INSTRUCTIONS TO FOLLOW:
Would you return, word for word, the lines of the data below from the line with "exists mu : 'I_N" through the line with "exists (fun j => (j", and no others?

[Saved entries]
=-=-=-=-=

(* Let $\mathbf P\subset\mathbb Z^n$ be finite with $P=\operatorname{Conv}\mathbf P$, and let $D$ be a daughter polytope of $\mathbf P$ with associated set $\mathcal D=\mathcal D(D)$. Let $W\in\mathcal D$ and let $S$ be a face of $P$ with $S\subset W$. Then for every $W'\in\mathcal D\setminus\{W\}$, the projection $\pi_S(W')$ does not intersect $\mathbf P_S$.
   Context: **Quotient projection.** $\pi_S:\mathbb R^n\to\mathbb R^n/\operatorname{aff}(S)$ sends $\operatorname{aff}(S)$ to the origin. **Daughter polytope.** For a nonempty polytope $D$ with vertices in $\mathbf P$, $\mathcal D(D)$ is the set of inclusion-maximal faces $F$ of $P$ with $D\cap F=\emptyset$. $D$ is a daughter polytope of $\mathbf P$ if: 1. distinct faces in $\mathcal D(D)$ are pairwise disjoint; 2. $D=\operatorname{Conv}(\mathbf P\setminus\bigcup_{F\in\mathcal D(D)}F)$. **The set $\mathbf P_S$.** For a face $S$ of $P$: $$\mathbf P_S=\pi_S(\mathbf P)\cap\overline{\pi_S(P)\setminus\pi_S(\operatorname{Conv}(\mathbf P\setminus S))},$$ where the overline denotes topological closure. *)

From HB Require Import structures.
From mathcomp Require Import all_boot all_order all_algebra.
From mathcomp Require Import all_classical all_reals all_analysis.
Set Implicit Arguments. Unset Strict Implicit. Unset Printing Implicit Defensive.
Import Order.TTheory GRing.Theory Num.Theory.
Import numFieldNormedType.Exports.
Local Open Scope classical_set_scope.
Local Open Scope ring_scope.

Section PolytopeDefs.
Variable R : realType.

Definition pconv (n : nat) (A : set 'rV[R]_n) : set 'rV[R]_n :=
  [set x | exists (k : nat) (w : 'I_k -> R) (p : 'I_k -> 'rV[R]_n),
      (forall i, 0 <= w i) /\ (\sum_(i < k) w i = 1) /\
      (forall i, A (p i)) /\ x = \sum_(i < k) w i *: p i].

Definition paff (n : nat) (A : set 'rV[R]_n) : set 'rV[R]_n :=
  [set x | exists (k : nat) (w : 'I_k -> R) (p : 'I_k -> 'rV[R]_n),
      (\sum_(i < k) w i = 1) /\
      (forall i, A (p i)) /\ x = \sum_(i < k) w i *: p i].

Definition aff_dir (n : nat) (A : set 'rV[R]_n) : set 'rV[R]_n :=
  [set x - y | x in paff A & y in paff A].

Definition pdot (n : nat) (c x : 'rV[R]_n) : R := \sum_(i < n) c 0 i * x 0 i.

(* F is a face of the polytope P: the intersection of P with a (weakly)
   supporting hyperplane {x | c.x = d} with c.y <= d on P
   (c = 0 allowed, so P itself and the empty set are faces). *)
Definition is_pface (n : nat) (P F : set 'rV[R]_n) : Prop :=
  exists (c : 'rV[R]_n) (d : R),
    (forall y, P y -> pdot c y <= d) /\
    F = [set x | P x /\ pdot c x = d].

(* pi is (a concrete model of) the quotient projection
   R^n -> R^n / paff(S) sending paff(S) to the origin: pi = f(. - s) with
   s in paff S and f a linear surjection R^n -> R^m whose kernel is exactly
   the direction of paff S (so R^m is identified with R^n / dir(paff S)). *)
Definition quot_proj (n m : nat) (S : set 'rV[R]_n)
    (pi : 'rV[R]_n -> 'rV[R]_m) : Prop :=
  exists (f : {linear 'rV[R]_n -> 'rV[R]_m}) (s : 'rV[R]_n),
    paff S s /\
    (forall y, exists x, f x = y) /\
    (forall x, f x = 0 <-> aff_dir S x) /\
    (forall x, pi x = f (x - s)).

Definition dfaces (n : nat) (Pts D : set 'rV[R]_n) : set (set 'rV[R]_n) :=
  [set F | is_pface (pconv Pts) F /\ D `&` F = set0 /\
     (forall G, is_pface (pconv Pts) G -> D `&` G = set0 -> F `<=` G -> G = F)].

Definition is_daughter (n : nat) (Pts D : set 'rV[R]_n) : Prop :=
  (exists V, V `<=` Pts /\ D = pconv V) /\ D !=set0 /\
  (forall F G, dfaces Pts D F -> dfaces Pts D G -> F <> G -> F `&` G = set0) /\
  D = pconv (Pts `\` \bigcup_(F in dfaces Pts D) F).

Definition PS_set (n m : nat) (Pts S : set 'rV[R]_n)
    (pi : 'rV[R]_n -> 'rV[R]_m) : set 'rV[R]_m :=
  (pi @` Pts) `&`
  closure ((pi @` pconv Pts) `\` (pi @` pconv (Pts `\` S))).

End PolytopeDefs.

From HB Require Import structures.
From mathcomp Require Import all_boot all_order all_algebra.
From mathcomp Require Import all_classical all_reals all_analysis.
Import Order.TTheory GRing.Theory Num.Theory.
Import numFieldNormedType.Exports.
Local Open Scope classical_set_scope.
Local Open Scope ring_scope.

Set Implicit Arguments. Unset Strict Implicit. Unset Printing Implicit Defensive.

(* Fix w' in W'.  If -pi(w') lies in the cone spanned by the vectors
   pi(v) - pi(w'), v in P \ S, then, since a finitely generated cone admits
   representations whose coefficients are bounded linearly by the norm, every
   point of pi(P) near pi(w') is a convex combination of pi(w') and the pi(v),
   v in P \ S; so pi(w') is not in the closure defining P_S.  Otherwise Farkas'
   lemma gives a functional separating -pi(w') from that cone; pulled back and
   added, suitably scaled, to the functional defining W', it tilts W' into a
   face of P that still contains w', touches S (a subset of W) and has all its
   vertices in S u W'.  Such a face misses D, hence lies in a single member of
   D(D), which would have to be both W and W'. *)

Section Pdot.
Variable R : realType.

Lemma pdotDr m (c x y : 'rV[R]_m) : pdot c (x + y) = pdot c x + pdot c y.
Proof. by rewrite /pdot -big_split /=; apply: eq_bigr => i _; rewrite mxE mulrDr. Qed.

Lemma pdotZr m (c x : 'rV[R]_m) a : pdot c (a *: x) = a * pdot c x.
Proof. by rewrite /pdot mulr_sumr; apply: eq_bigr => i _; rewrite mxE mulrCA. Qed.

Lemma pdotDl m (c d x : 'rV[R]_m) : pdot (c + d) x = pdot c x + pdot d x.
Proof. by rewrite /pdot -big_split /=; apply: eq_bigr => i _; rewrite mxE mulrDl. Qed.

Lemma pdotZl m (c x : 'rV[R]_m) a : pdot (a *: c) x = a * pdot c x.
Proof. by rewrite /pdot mulr_sumr; apply: eq_bigr => i _; rewrite mxE mulrA. Qed.

Lemma pdot0r m (c : 'rV[R]_m) : pdot c 0 = 0.
Proof. by rewrite /pdot big1 // => i _; rewrite mxE mulr0. Qed.

Lemma pdotNr m (c x : 'rV[R]_m) : pdot c (- x) = - pdot c x.
Proof. by rewrite -scaleN1r pdotZr mulN1r. Qed.

Lemma pdotBr m (c x y : 'rV[R]_m) : pdot c (x - y) = pdot c x - pdot c y.
Proof. by rewrite pdotDr pdotNr. Qed.

Lemma pdotNl m (c x : 'rV[R]_m) : pdot (- c) x = - pdot c x.
Proof. by rewrite -scaleN1r pdotZl mulN1r. Qed.

Lemma pdotBl m (c d x : 'rV[R]_m) : pdot (c - d) x = pdot c x - pdot d x.
Proof. by rewrite pdotDl pdotNl. Qed.

Lemma pdot_sumr m I (r : seq I) (P : pred I) (c : 'rV[R]_m) (F : I -> 'rV[R]_m) :
  pdot c (\sum_(i <- r | P i) F i) = \sum_(i <- r | P i) pdot c (F i).
Proof.
elim/big_rec2: _ => [|i y1 y2 _ <-]; first by rewrite pdot0r.
by rewrite pdotDr.
Qed.

Lemma pdot_self_gt0 m (b : 'rV[R]_m) : b != 0 -> 0 < pdot b b.
Proof.
move=> b_neq0; rewrite /pdot.
have [j bj] : exists j, b 0 j != 0.
  apply/existsP; apply: contraR b_neq0 => /existsPn b0; apply/eqP/rowP => j.
  by rewrite mxE; move: (b0 j); rewrite negbK => /eqP.
rewrite (bigD1 j) //=; apply: ltr_pwDl; first by rewrite -expr2 exprn_even_gt0 // bj orbT.
by apply: sumr_ge0 => i _; rewrite -expr2 sqr_ge0.
Qed.

Lemma pdot_comb m (c : 'rV[R]_m) k (w : 'I_k -> R) (p : 'I_k -> 'rV[R]_m) :
  pdot c (\sum_i w i *: p i) = \sum_i w i * pdot c (p i).
Proof. by rewrite pdot_sumr; apply: eq_bigr => i _; rewrite pdotZr. Qed.

Lemma pdot_comb_le m (c : 'rV[R]_m) d k (w : 'I_k -> R) p :
  (forall i, 0 <= w i) -> \sum_i w i = 1 -> (forall i, pdot c (p i) <= d) ->
  pdot c (\sum_i w i *: p i) <= d.
Proof.
move=> w_ge0 w1 c_le; rewrite pdot_comb -[leRHS]mul1r -w1 mulr_suml.
by apply: ler_sum => i _; rewrite ler_wpM2l.
Qed.

Lemma pdot_comb_const m (c : 'rV[R]_m) d k (w : 'I_k -> R) p :
  \sum_i w i = 1 -> (forall i, pdot c (p i) = d) -> pdot c (\sum_i w i *: p i) = d.
Proof.
move=> w1 c_eq; rewrite pdot_comb -[RHS]mul1r -w1 mulr_suml.
by apply: eq_bigr => i _; rewrite c_eq.
Qed.

Lemma pdot_comb_eq_bound m (c : 'rV[R]_m) d k (w : 'I_k -> R) p :
  (forall i, 0 <= w i) -> \sum_i w i = 1 -> (forall i, pdot c (p i) <= d) ->
  pdot c (\sum_i w i *: p i) = d -> forall i, 0 < w i -> pdot c (p i) = d.
Proof.
move=> w_ge0 w1 c_le c_eq i w_i.
have gap0 : \sum_i w i * (d - pdot c (p i)) = 0.
  under eq_bigr do rewrite mulrBr.
  by rewrite sumrB -mulr_suml w1 mul1r -pdot_comb c_eq subrr.
have gap_ge0 j : predT j -> 0 <= w j * (d - pdot c (p j)).
  by move=> _; rewrite mulr_ge0 // subr_ge0.
have /eqP := psumr_eq0P gap_ge0 gap0 (isT : predT i).
by rewrite mulf_eq0 (gt_eqF w_i) /= subr_eq0 => /eqP <-.
Qed.

Lemma pdot_adjoint n m (f : {linear 'rV[R]_n -> 'rV[R]_m}) (y : 'rV[R]_m) :
  exists c : 'rV[R]_n, forall x, pdot c x = pdot y (f x).
Proof.
exists (\row_j pdot y (f (delta_mx 0 j))) => x.
rewrite {2}(row_sum_delta x) linear_sum pdot_sumr [LHS]/pdot; apply: eq_bigr => j _.
by rewrite mxE linearZ /= pdotZr mulrC.
Qed.

End Pdot.

Section Cones.
Variables (R : realType) (m : nat).

Definition in_cone N (g : 'I_N -> 'rV[R]_m) (u : 'rV[R]_m) :=
  exists mu : 'I_N -> R, (forall i, 0 <= mu i) /\ u = \sum_i mu i *: g i.

Lemma in_cone_gen N (g : 'I_N -> 'rV[R]_m) i : in_cone g (g i).
Proof.
exists (fun j => (j == i)%:R); split=> [j|]; first by rewrite ler0n.
rewrite (bigD1 i) //= eqxx scale1r big1 ?addr0 // => j /negbTE ->.
exact: scale0r.
Qed.

Lemma in_cone_comb N (g : 'I_N -> 'rV[R]_m) k (w : 'I_k -> R) (u : 'I_k -> 'rV[R]_m) :
  (forall i, 0 <= w i) -> (forall i, in_cone g (u i)) -> in_cone g (\sum_i w i *: u i).
Proof.
move=> w_ge0 u_cone.
have cone0 : in_cone g 0.
  by exists (fun=> 0); split=> //; rewrite big1 // => i _; rewrite scale0r.
apply: big_ind => // [_ _ [a [a_ge0 ->]] [b [b_ge0 ->]]|i _].
  exists (fun j => a j + b j); split=> [j|]; first by rewrite addr_ge0.
  by rewrite -big_split; apply: eq_bigr => j _; rewrite scalerDl.
have [a [a_ge0 ->]] := u_cone i.
exists (fun j => w i * a j); split=> [j|]; first by rewrite mulr_ge0.
by rewrite scaler_sumr; apply: eq_bigr => j _; rewrite scalerA.
Qed.

Lemma in_cone_lift0 N (g : 'I_N.+1 -> 'rV[R]_m) b mu0 :
  0 <= mu0 -> in_cone (fun i => g (lift ord0 i)) (b - mu0 *: g ord0) -> in_cone g b.
Proof.
move=> mu0_ge0 [mu [mu_ge0 b_mu]].
exists (fun i => if unlift ord0 i is Some j then mu j else mu0); split.
  by move=> i; case: unliftP.
rewrite big_ord_recl /= unlift_none -[b](subrK (mu0 *: g ord0)) b_mu addrC.
by congr (_ + _); apply: eq_bigr => i _; rewrite liftK.
Qed.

=-=-=-=-=

RESPONSE AREA:
  exists mu : 'I_N -> R, (forall i, 0 <= mu i) /\ u = \sum_i mu i *: g i.

Lemma in_cone_gen N (g : 'I_N -> 'rV[R]_m) i : in_cone g (g i).
Proof.
exists (fun j => (j == i)%:R); split=> [j|]; first by rewrite ler0n.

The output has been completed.